The platform at Washington is part of a long continuous platform beneath State Street which runs from the Jackson station to the Lake station, making it the United States' longest continuous passenger platform. There are two mezzanines for the station, a northern at Randolph shared with the Lake station and a southern at Madison. There are stairs and escalators along State Street between Randolph and Madison to access both mezzanines. Additionally, Washington is equipped with an elevator to the Randolph mezzanine and was therefore accessible to people with disabilities. There is another elevator between that mezzanine and State Street, which is still in use for access to the Lake station.

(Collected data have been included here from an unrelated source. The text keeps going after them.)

Lemma KX_finite (l : list X) : l <> nil -> KX d (fun y => In y l).
Proof.
  intro H. apply KX_intro. destruct l as [|a l]; [congruence|]. exists a; left; auto.
  apply finite_closed; auto.
Qed.

Lemma KX_image f C : compact_metric d -> continuous_map d f -> KX d C -> KX d (TK f C).
Proof.
  intros Hk Hf [[c Hc] HC]. apply KX_intro.
  - exists (f c), c; auto.
  - apply image_closed; auto. apply closed_set_iff; auto.
Qed.

Lemma far_from_closed D x : closed_set d D -> ~ D x ->
  exists r, r > 0 /\ forall E, E x -> ~ hball d E r D.
Proof.
  intros HD Hx. destruct (HD x Hx) as [r [Hr Hr']]. exists r; split; auto.
  intros E Ex [rho [_ [Hrho [H1 _]]]]. destruct (H1 x Ex) as [y [Dy Hy]].
  apply (Hr' y); auto. lra.
Qed.

Lemma KX_point_closed D : KX d D -> rel_closed (KX d) (hball d) (fun E => E = D).
Proof.
  intro KD. split; [intros y ->; auto|]. split; [intros y [H _]; auto|].
  intros E [KE HED].
  assert (Hx : exists x, ~ (E x <-> D x)).
  { apply NNPP; intro H. apply HED. apply functional_extensionality; intro x;
    apply propositional_extensionality. apply NNPP; intro H2. apply H; exists x; auto. }
  destruct Hx as [x Hx]. destruct (classic (E x)) as [Ex|Ex].
  - destruct (far_from_closed D x (KX_closed D KD)) as [r [Hr Hfar]]; [tauto|].
    exists r; split; auto. intros F KF HbF. split; auto. intros ->. apply (Hfar E Ex HbF).
  - destruct (far_from_closed E x (KX_closed E KE) Ex) as [r [Hr Hfar]].
    exists r; split; auto. intros F KF HbF. split; auto. intros ->.
    apply (Hfar D); [tauto|]. apply hball_sym; auto.
Qed.

End Hyperspace.

Section Dynamics.
Context {X : Type} (d : X -> X -> R).
Hypotheses (Hm : is_metric d) (Hk : compact_metric d).
Variable T : X -> X.
Hypothesis Hc : continuous_map d T.

(** A target list is a finite list of balls [B(y, s)], given as pairs [(y, s)]. *)
Definition positive_radii (ts : list (X * R)) : Prop := forall t, In t ts -> snd t > 0.

Definition hits_all (x : X) (r : R) (n : nat) (ts : list (X * R)) : Prop :=
  forall t, In t ts -> exists u, d x u < r /\ d (fst t) (Nat.iter n T u) < snd t.

Definition fan_transitive : Prop :=
  forall x r, r > 0 -> forall ts, positive_radii ts ->
    exists n, (n >= 1)%nat /\ hits_all x r n ts.

Definition pair_transitive : Prop :=
  forall p, (p >= 1)%nat -> forall e, e > 0 -> forall l : list (X * X),
  exists c, (c >= 1)%nat /\ forall q, In q l ->
    exists u, d (fst q) u < e /\ d (snd q) (Nat.iter (c * p) T u) < e.

(** ** Step (a): transitivity of [T_K] gives fan transitivity.
    Apply it to the Hausdorff balls around [{x}] and around the finite set of
    target centres. *)
Lemma fan_of_K_transitive : transitive (KX d) (hball d) (TK T) -> fan_transitive.
Proof.
  intros Htr x r Hr ts Hts. destruct ts as [|t0 ts0] eqn:Ets.
  { exists 1%nat; split; [lia|intros t []]. }
  rewrite <- Ets in *.
  destruct (list_min_pos ts snd Hts) as [s [Hs Hsl]].
  assert (Hne : map fst ts <> nil) by (rewrite Ets; discriminate).
  destruct (Htr (Kball d (fun y => y = x) r) (Kball d (fun y => In y (map fst ts)) s))
    as [n [Hn [E [[HE HbE] [_ HbV]]]]];
    try apply Kball_open; try apply Kball_nonempty; auto using KX_singleton, KX_finite.
  exists n; split; auto. intros t Ht. rewrite TK_iter in HbV.
  destruct HbV as [rho [_ [Hrho [H1 _]]]].
  destruct (H1 (fst t) (in_map fst ts t Ht)) as [y [[e [He <-]] Hy]].
  exists e; split. apply (hball_singleton d x r E HbE e He).
  specialize (Hsl t Ht). lra.
Qed.

Lemma balls_joined_along_multiples : totally_transitive whole (mball d) T ->
  forall m, (m >= 1)%nat -> forall x r y s, r > 0 -> s > 0 ->
  exists n, (n >= 1)%nat /\ exists u, d x u < r /\ d y (Nat.iter (n * m) T u) < s.
Proof.
  intros H m Hm1 x r y s Hr Hs.
  destruct (H m Hm1 (fun z => d x z < r) (fun z => d y z < s)) as [n [Hn [u [Hu Hv]]]];
    try apply ball_open; try apply ball_nonempty; auto.
  exists n; split; auto. exists u; split; auto. rewrite <- iter_iter; auto.
Qed.

Lemma ball_contains_recurrent_orbit : dense_small_periodic_sets whole (mball d) T ->
  forall x r, r > 0 -> exists z k, (k >= 1)%nat /\ forall i, d x (Nat.iter (i * k) T z) < r.
Proof.
  intros H x r Hr.
  destruct (H (fun z => d x z < r)) as [Z [[z Hz] [_ [HZU [k [Hk1 HZk]]]]]];
    try apply ball_open; try apply ball_nonempty; auto.
  exists z, k; split; auto. intro i. apply HZU.
  induction i as [|i IH]; simpl; auto. rewrite Nat.iter_add. apply HZk; auto.
Qed.

(** Take [z] near [x] whose [T^k]-orbit stays near [x], and
    [u ∈ B(p)] with [T^a u ∈ B(q)] for a multiple [a] of [k]. Hitting a small
    ball around [u] (and the remaining targets) from a small ball around [z]
    gives a point [w] with [T^n w ∈ B(p)], while [T^a w], still near [x], has
    [T^n (T^a w) = T^a (T^n w) ∈ B(q)]. *)
Lemma fan_cons : HY_system whole (mball d) T -> forall l : list (X * R),
  (forall x r p, r > 0 -> snd p > 0 -> exists n, (n >= 1)%nat /\ hits_all x r n (p :: l)) ->
  forall x r p q, r > 0 -> snd p > 0 -> snd q > 0 ->
  exists n, (n >= 1)%nat /\ hits_all x r n (p :: q :: l).
Proof.
  intros [Htt Hdsp] l IH x r p q Hr Hp Hq.
  destruct (ball_contains_recurrent_orbit Hdsp x r Hr) as [z [k [Hk1 Hz]]].
  destruct (balls_joined_along_multiples Htt k Hk1 (fst p) (snd p) (fst q) (snd q) Hp Hq)
    as [n' [_ [u [Hu1 Hu2]]]].
  set (a := (n' * k)%nat) in *.
  assert (Hcont : continuous_map d (Nat.iter a T)) by (apply continuous_iter; auto).
  destruct (ball_interior d Hm _ _ _ Hu1) as [da [Hda Ha]].
  destruct (continuous_preimage_ball d Hm _ _ _ _ Hcont Hu2) as [db [Hdb Hb]].
  assert (Hz0 : d x z < r) by exact (Hz 0%nat).
  destruct (ball_interior d Hm _ _ _ Hz0) as [dc [Hdc Hc']].
  destruct (continuous_preimage_ball d Hm _ _ _ _ Hcont (Hz n')) as [dd [Hdd Hd']].
  destruct (IH z (Rmin dc dd) (u, Rmin da db)) as [n [Hn Hhit]];
    try (apply Rmin_pos; auto).
  exists n; split; auto.
  destruct (Hhit (u, Rmin da db) (or_introl eq_refl)) as [w [Hw1 Hw2]]. simpl in Hw2.
  pose proof (Rmin_l dc dd). pose proof (Rmin_r dc dd).
  pose proof (Rmin_l da db). pose proof (Rmin_r da db).
  intros t [<-|[<-|Ht]].
  - exists w; split. apply Hc'; lra. apply Ha; lra.
  - exists (Nat.iter a T w); split. apply Hd'; lra. rewrite iter_comm. apply Hb; lra.
  - destruct (Hhit t (or_intror Ht)) as [w' [Hw1' Hw2']]. exists w'; split; auto.
    apply Hc'; lra.
Qed.

Lemma fan_of_HY : HY_system whole (mball d) T -> fan_transitive.
Proof.
  intros HY.
  assert (Hind : forall l, positive_radii l -> forall x r p, r > 0 -> snd p > 0 ->
    exists n, (n >= 1)%nat /\ hits_all x r n (p :: l)).
  { induction l as [|q l IH]; intros Hl x r p Hr Hp.
    - destruct (balls_joined_along_multiples (proj1 HY) 1 (le_n _) x r (fst p) (snd p) Hr Hp)
        as [n [Hn [u [H1 H2]]]].
      exists n; split; auto. intros t [<-|[]]. exists u; split; auto.
      rewrite Nat.mul_1_r in H2; auto.
    - assert (Hq : snd q > 0) by (apply Hl; left; reflexivity).
      apply (fan_cons HY l); auto.
      intros x' r' p' Hr' Hp'. apply IH; auto. intros t Ht; apply Hl; right; auto. }
  intros x r Hr [|p l] Hl.
  - exists 1%nat; split; [lia|intros t []].
  - apply Hind; auto. intros t Ht; apply Hl; right; auto. apply Hl; left; auto.
Qed.

(** Fan transitivity makes [T], hence every iterate, surjective: each point is a
    limit of images, and images of the compact space are closed. *)
Lemma iterate_surjective_of_fan : fan_transitive -> forall k y, exists x, Nat.iter k T x = y.
Proof.
  intros HP.
  assert (Hsurj : forall y, exists x, T x = y).
  { intro y. destruct (image_closure d Hm Hk (fun _ => True) T y) as [x [_ Hx]]; auto.
    - intros z Hz; exfalso; auto.
    - intros eps He. destruct (HP y 1 ltac:(lra) ((y, eps) :: nil)) as [n [Hn H]].
      { intros t [<-|[]]; simpl; auto. }
      destruct (H (y, eps) (or_introl eq_refl)) as [u [_ Hu]]. simpl in Hu.
      exists (Nat.iter (n - 1) T u). split; auto.
      replace n with (S (n - 1)) in Hu by lia. exact Hu.
    - exists x; auto. }
  induction k as [|k IH]; intro y. exists y; auto.
  destruct (Hsurj y) as [x1 <-]. destruct (IH x1) as [x2 <-]. exists x2. reflexivity.
Qed.

(** For each delay [k0 + j], [j < p], a target ball whose [T^(k0+j)]-image lies
    in [B(y, s)]: a ball around a [T^(k0+j)]-preimage of [y]. *)
Lemma preimage_targets : fan_transitive -> forall (p k0 : nat) (y : X) (s : R), s > 0 ->
  exists ts : list (X * R), positive_radii ts /\
    forall j, (j < p)%nat -> exists t, In t ts /\
      forall w, d (fst t) w < snd t -> d y (Nat.iter (k0 + j) T w) < s.
Proof.
  intros HP p k0 y s Hs. induction p as [|p IH].
  - exists nil; split; [intros t []|intros j Hj; lia].
  - destruct IH as [ts [H1 H2]].
    destruct (iterate_surjective_of_fan HP (k0 + p) y) as [v Hv].
    destruct (continuous_preimage_ball d Hm _ v y s (continuous_iter d T (k0 + p) Hc))
      as [dl [Hdl Hb]].
    { rewrite Hv, (d_refl d Hm); auto. }
    exists ((v, dl) :: ts). split.
    + intros t [<-|Ht]; auto.
    + intros j Hj. destruct (Nat.eq_dec j p) as [->|Hne].
      * exists (v, dl); split; [left; auto|]. exact Hb.
      * destruct (H2 j ltac:(lia)) as [t [Ht Ht']]. exists t; split; [right|]; auto.
Qed.

(** Pairs are handled one at a time: first send
    a small ball into [B(a, e)] by some [T^n0], then add targets that are
    [T^(n0+j)]-preimages of [B(b, e)]. *)
Lemma fan_chain : fan_transitive -> forall p e, e > 0 -> forall (l : list (X * X)) x0 r0,
  r0 > 0 -> exists z delta (ts : list (X * R)), delta > 0 /\
    (forall w, d z w < delta -> d x0 w < r0) /\ positive_radii ts /\
    forall n, hits_all z delta n ts ->
      forall j, (j < p)%nat -> forall q, In q l ->
        exists u, d (fst q) u < e /\ d (snd q) (Nat.iter (n + j) T u) < e.
Proof.
  intros HP p e He l. induction l as [|q l IH]; intros x0 r0 Hr0.
  - exists x0, r0, nil. split; auto. split; auto. split; [intros t []|].
    intros; contradiction.
  - destruct (HP x0 r0 Hr0 ((fst q, e) :: nil)) as [n0 [_ H0]].
    { intros t [<-|[]]; auto. }
    destruct (H0 _ (or_introl eq_refl)) as [u [Hu1 Hu2]]. simpl in Hu2.
    destruct (ball_interior d Hm _ _ _ Hu1) as [da [Hda Ha]].
    destruct (continuous_preimage_ball d Hm _ _ _ _ (continuous_iter d T n0 Hc) Hu2)
      as [db [Hdb Hb]].
    destruct (preimage_targets HP p n0 (snd q) e He) as [tsq [Htsq1 Htsq2]].
    destruct (IH u (Rmin da db) (Rmin_pos _ _ Hda Hdb))
      as [z [dl [ts [Hdl [Hsub [Hts Hconc]]]]]].
    pose proof (Rmin_l da db). pose proof (Rmin_r da db).
    exists z, dl, (tsq ++ ts). split; auto. split.
    { intros w Hw. apply Ha. specialize (Hsub w Hw). lra. }
    split. { intros t Ht. apply in_app_or in Ht as [Ht|Ht]; auto. }
    intros n Hhit j Hj q' Hq'. destruct Hq' as [<-|Hq'].
    + destruct (Htsq2 j Hj) as [t [Ht Ht']].
      destruct (Hhit t (in_or_app _ _ _ (or_introl Ht))) as [w [Hw1 Hw2]].
      exists (Nat.iter n0 T w). split.
      * apply Hb. specialize (Hsub w Hw1). lra.
      * specialize (Ht' _ Hw2). rewrite <- Nat.iter_add in *.
        replace (n + j + n0)%nat with (n0 + j + n)%nat by lia. exact Ht'.
    + apply (Hconc n); auto. intros t Ht. apply Hhit. apply in_or_app; auto.
Qed.

Lemma round_up_to_multiple n p : (p >= 1)%nat -> exists j c, (j < p)%nat /\ (n + j = c * p)%nat.
Proof.
  intro Hp. induction n as [|n IH].
  - exists 0%nat, 0%nat; split; lia.
  - destruct IH as [j [c [Hj Hjc]]]. destruct j.
    + exists (p - 1)%nat, (S c); split; [lia|]. simpl. lia.
    + exists j, c; split; lia.
Qed.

There were two stairways on the platform to a lower level pedestrian tunnel that connected the Washington station to the Washington station in the Milwaukee-Dearborn subway, to allow transfers between the Red and Blue Lines. Lake station to the north of Washington and Washington station were originally a single station, but they were separated on June 2, 1996, due to the renovation project of the Randolph-Washington mezzanine and Lake became an independent station on November 18, 1997, in order to better facilitate transfers between the Red Line subway and the elevated State/Lake station.

===Closure for Block 37 superstation===
As part of the development of 108 North State Street (known as Block 37), The City of Chicago planned to construct a superstation located under the Block 37 mall. Washington/State station, and the lower level transfer tunnel to the Blue Line closed at midnight on October 23, 2006, for work related to the construction of this new station.

Following cost overruns of $100 million, the superstation was indefinitely mothballed in June 2008. The Block 37 superstation which had already been partially built, was left abandoned. The Washington/State station was still closed, and the station's platform reopened in February 2010. The station remained closed and trains never resumed stopping at the station.

===Post closure===
When the CTA closed the Washington/State station, the station was left intact. No work was performed to improve the Washington-Madison mezzanine in the case that a reopening was considered. The platform changed little except for the removal of its signage. Washington/State was removed from CTA rail maps in January 2009.

Due to its location, the Washington station is still easily accessible for pedestrian access via the Lake and Monroe stations.

As of January 2026, the CTA does not consider the station to have closed permanently, but there are currently no plans to reopen the station.